William Morris, one of the most significant cultural figures of the era whose talents spanned everything from poetry to interior design, was also acutely interested in the sagas. He wrote verses about the Holy Chalice, and collaborated with Pre-Raphaelite artist Edward Burne-Jones to produce vast tapestries depicting the quest for the Grail, which were hung on the walls of the wealthiest businessmen of the industrial age.
This vast Victorian tapestry, named ‘The Achievement of the Grail’ measures 2.4 metres high by nearly 7 metres long. It is currently on display in the Birmingham Museum and Art Gallery. © BAL
20th-century style: The quest on screen
The Grail has been quested after on big and little screens since technology made it possible, but most people will recall the story from at least one of three successful cinematic renditions…
Excalibur (1981), was directed by John Boorman and starred Nigel Terry, Helen Mirren, Patrick Stewart and Liam Neeson, among many others. An action-packed adventure fantasy, it follows the story of King Arthur, from the moment he pulls the sword from the stone, to the quest for the Grail (via Guinevere and Lancelot’s affair). The film, in contrast to most of the medieval literature, has Percival retrieve the Grail for an ailing Arthur, who sips from it and is restored to health.
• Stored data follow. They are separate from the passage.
(* For all integers $m,n\ge1$ and every $c>\frac{m!\,n!}{m^m n^n}$ one has $\operatorname{D}^\times_{m,n}(c\psi_1)=\mathbb R^{m\times n}$.
   Context: For $Y\in\mathbb R^{m\times n}$ let $Y_1,\dots,Y_m$ be its rows. For $\boldsymbol x\in\mathbb R^n$ put $\Pi_+(\boldsymbol x):=\prod_{i=1}^n\max\{1,|x_i|\}$. For $\psi:[1,\infty)\to(0,\infty)$ and $T>1$ let $\mathcal S^\times_{m,n}(\psi,T)$ be the set of $Y\in\mathbb R^{m\times n}$ for which there exist $\boldsymbol p\in\mathbb Z^m$, $\boldsymbol q\in\mathbb Z^n\setminus\{\boldsymbol 0\}$ with $\prod_{i=1}^m|Y_i\boldsymbol q-p_i|<\psi(T)$ and $\Pi_+(\boldsymbol q)<T$. Put $\operatorname{D}^\times_{m,n}(\psi):=\bigcup_{T_0>1}\bigcap_{T\ge T_0}\mathcal S^\times_{m,n}(\psi,T)$, and $\psi_1(x):=1/x$. *)

From HB Require Import structures.
From mathcomp Require Import all_boot all_order all_algebra.
From mathcomp Require Import reals.
Set Implicit Arguments. Unset Strict Implicit. Unset Printing Implicit Defensive.
Import Order.TTheory GRing.Theory Num.Theory.
Local Open Scope ring_scope.

Definition Pi_plus (R : realType) (n : nat) (q : 'I_n -> int) : R :=
  \prod_(j < n) Num.max 1 (`|q j|%:~R : R).

Definition row_form (R : realType) (m n : nat) (Y : 'M[R]_(m, n))
    (q : 'I_n -> int) (p : 'I_m -> int) (i : 'I_m) : R :=
  \sum_(j < n) Y i j * (q j)%:~R - (p i)%:~R.

Definition S_times (R : realType) (m n : nat) (psi : R -> R) (T : R)
    (Y : 'M[R]_(m, n)) : Prop :=
  exists (p : 'I_m -> int) (q : 'I_n -> int),
    (exists j, q j != 0) /\
    \prod_(i < m) `|@row_form R m n Y q p i| < psi T /\
    @Pi_plus R n q < T.

Definition D_times (R : realType) (m n : nat) (psi : R -> R)
    (Y : 'M[R]_(m, n)) : Prop :=
  exists T0 : R, 1 < T0 /\ forall T : R, T0 <= T -> @S_times R m n psi T Y.

Definition psi1 (R : realType) (x : R) : R := x^-1.

From HB Require Import structures.
From mathcomp Require Import all_boot all_order all_algebra.
From mathcomp Require Import reals.
From mathcomp Require Import zify ring lra.
From Stdlib Require Import Classical.
Set Implicit Arguments.
Unset Strict Implicit.
Unset Printing Implicit Defensive.
Import Order.TTheory GRing.Theory Num.Theory.

(* A pigeonhole version of Minkowski's theorem.  Let q run over the integer points of the
   l1-ball of radius R in Z^n (there are at least 2^n C(R,n) of them) and u over those of the
   l1-ball of radius r in Z^m.  The vector (floor (M {Y_i q}) + u_i + r)_i lies in a box with
   (M + 2r)^m points and determines u once q is fixed, so if 2^n C(R,n) 2^m C(r,m) exceeds
   (M + 2r)^m, two pairs (q, u), (q', u') with q <> q' give the same vector.  For q - q' and
   p_i the difference of the integer parts of Y_i q and Y_i q', this gives
   M sum_i |Y_i (q - q') - p_i| < sum_i |u_i - u'_i| + m <= 2r + m and sum_j |q_j - q'_j| <= 2R,
   so by AM-GM the product of the |Y_i (q - q') - p_i| is below ((2r + m) / (mM))^m while
   Pi_+(q - q') <= ((n + 2R) / n)^n.  With R maximal such that ((n + 2R) / n)^n < T, r fixed
   and large, and M maximal for the collision condition, the first bound is
   m! n! / (m^m n^n T) up to three factors 1 + e, which the slack in c absorbs. *)

Local Open Scope nat_scope.

Fixpoint ints_upto (r : nat) : seq int :=
  if r is r'.+1 then Posz r'.+1 :: Negz r' :: ints_upto r' else [:: Posz 0].

Fixpoint l1_ball (k r : nat) : seq (seq int) :=
  if k is k'.+1 then [seq a :: x | a <- ints_upto r, x <- l1_ball k' (r - absz a)]
  else [:: [::]].

Definition l1_norm (k : nat) (x : seq int) : nat := \sum_(i < k) absz (nth 0%R x i).

Lemma ints_upto_abs r a : a \in ints_upto r -> absz a <= r.
Proof.
elim: r => [|r IHr] /=; first by rewrite inE => /eqP->.
rewrite !inE => /orP[/eqP->//|/orP[/eqP->//|/IHr/leqW//]].
Qed.

Lemma ints_upto_uniq r : uniq (ints_upto r).
Proof.
elim: r => [|r IHr] //=; rewrite IHr andbT !inE negb_or /=.
by apply/andP; split; apply/negP => /ints_upto_abs /=; rewrite ltnn.
Qed.

Lemma sumn_ints_upto (G : nat -> nat) r :
  sumn [seq G (absz a) | a <- ints_upto r] = G 0 + 2 * \sum_(j < r) G j.+1.
Proof.
elim: r => [|r IHr]; first by rewrite /= big_ord0.
rewrite [ints_upto _]/= !map_cons /= IHr big_ord_recr /=; lia.
Qed.

Lemma sum_bin_sub r k : \sum_(j < r) 'C(r - j.+1, k) = 'C(r, k.+1).
Proof.
elim: r => [|r IHr]; first by rewrite big_ord0 bin0n.
by rewrite big_ord_recl subn1 /= binS addnC -IHr.
Qed.

Lemma l1_ball_size k r : 2 ^ k * 'C(r, k) <= size (l1_ball k r).
Proof.
elim: k r => [|k IHk] r; first by rewrite bin0.
rewrite /= size_allpairs_dep (sumn_ints_upto (fun j => size (l1_ball k (r - j)))).
rewrite subn0 -sum_bin_sub expnS -mulnA !big_distrr /=.
apply: leq_trans (leq_addl _ _); rewrite leq_sum // => j _.
by rewrite leq_mul2l IHk orbT.
Qed.

Lemma mem_l1_ball k r x : x \in l1_ball k r -> size x = k /\ l1_norm k x <= r.
Proof.
rewrite /l1_norm; elim: k r x => [|k IHk] r x /=.
  by rewrite inE => /eqP->; rewrite big_ord0.
case/allpairsPdep => a [y [ha /IHk[sy hy] ->]]; split; first by rewrite /= sy.
by rewrite big_ord_recl /= -leq_subRL // ints_upto_abs.
Qed.

Lemma l1_ball_uniq k r : uniq (l1_ball k r).
Proof.
elim: k r => [|k IHk] r //=.
apply: allpairs_uniq_dep => [|a _|]; [exact: ints_upto_uniq | exact: IHk |].
by move=> [a x] [b y] _ _ /= [-> ->].
Qed.

Lemma l1_norm_nth k x i : i < k -> absz (nth 0%R x i) <= l1_norm k x.
Proof. by move=> ik; rewrite /l1_norm (bigD1 (Ordinal ik)) //= leq_addr. Qed.

Lemma sum_absz_sub_le k (x y : seq int) :
  \sum_(i < k) `|(nth 0 x i - nth 0 y i)%R| <= l1_norm k x + l1_norm k y.
Proof.
rewrite /l1_norm -big_split leq_sum // => i _.
by have := leqD_dist (nth 0%R x i) 0%R (nth 0%R y i); rewrite subr0 sub0r abszN.
Qed.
Monty Python and the Holy Grail (1975), was the Python posse’s first foray into full-length feature films and it is a gloriously ridiculous romp through the Arthurian sagas, with Graham Chapman in the lead role. As the hapless knights search for the Holy Grail they face various challenges and dangers, not least a killer rabbit.
A shot from Monty Python and the Holy Grail. © Kobal
Indiana Jones and the Last Crusade (1989), the third of Steven Spielberg’s successful series of movies starring Harrison Ford as a swashbuckling archaeologist, sees Indy in action trying to rescue his father (Sean Connery). He then needs to find the Holy Grail before the Nazis get hold of it and use it to achieve world domination. Sound stupid? You might be surprised how close some of the plot elements are to the truth...
The sacred silverware became spliced with other legends, invested with mythical powers, and hijacked by conspiracy theorists and demagogues. Pat Kinsella separates the few facts from the profuse fictions that continue to evolve around this elusive relic…
Birth of a legend: Where did the Holy Grail come from? And what might it be?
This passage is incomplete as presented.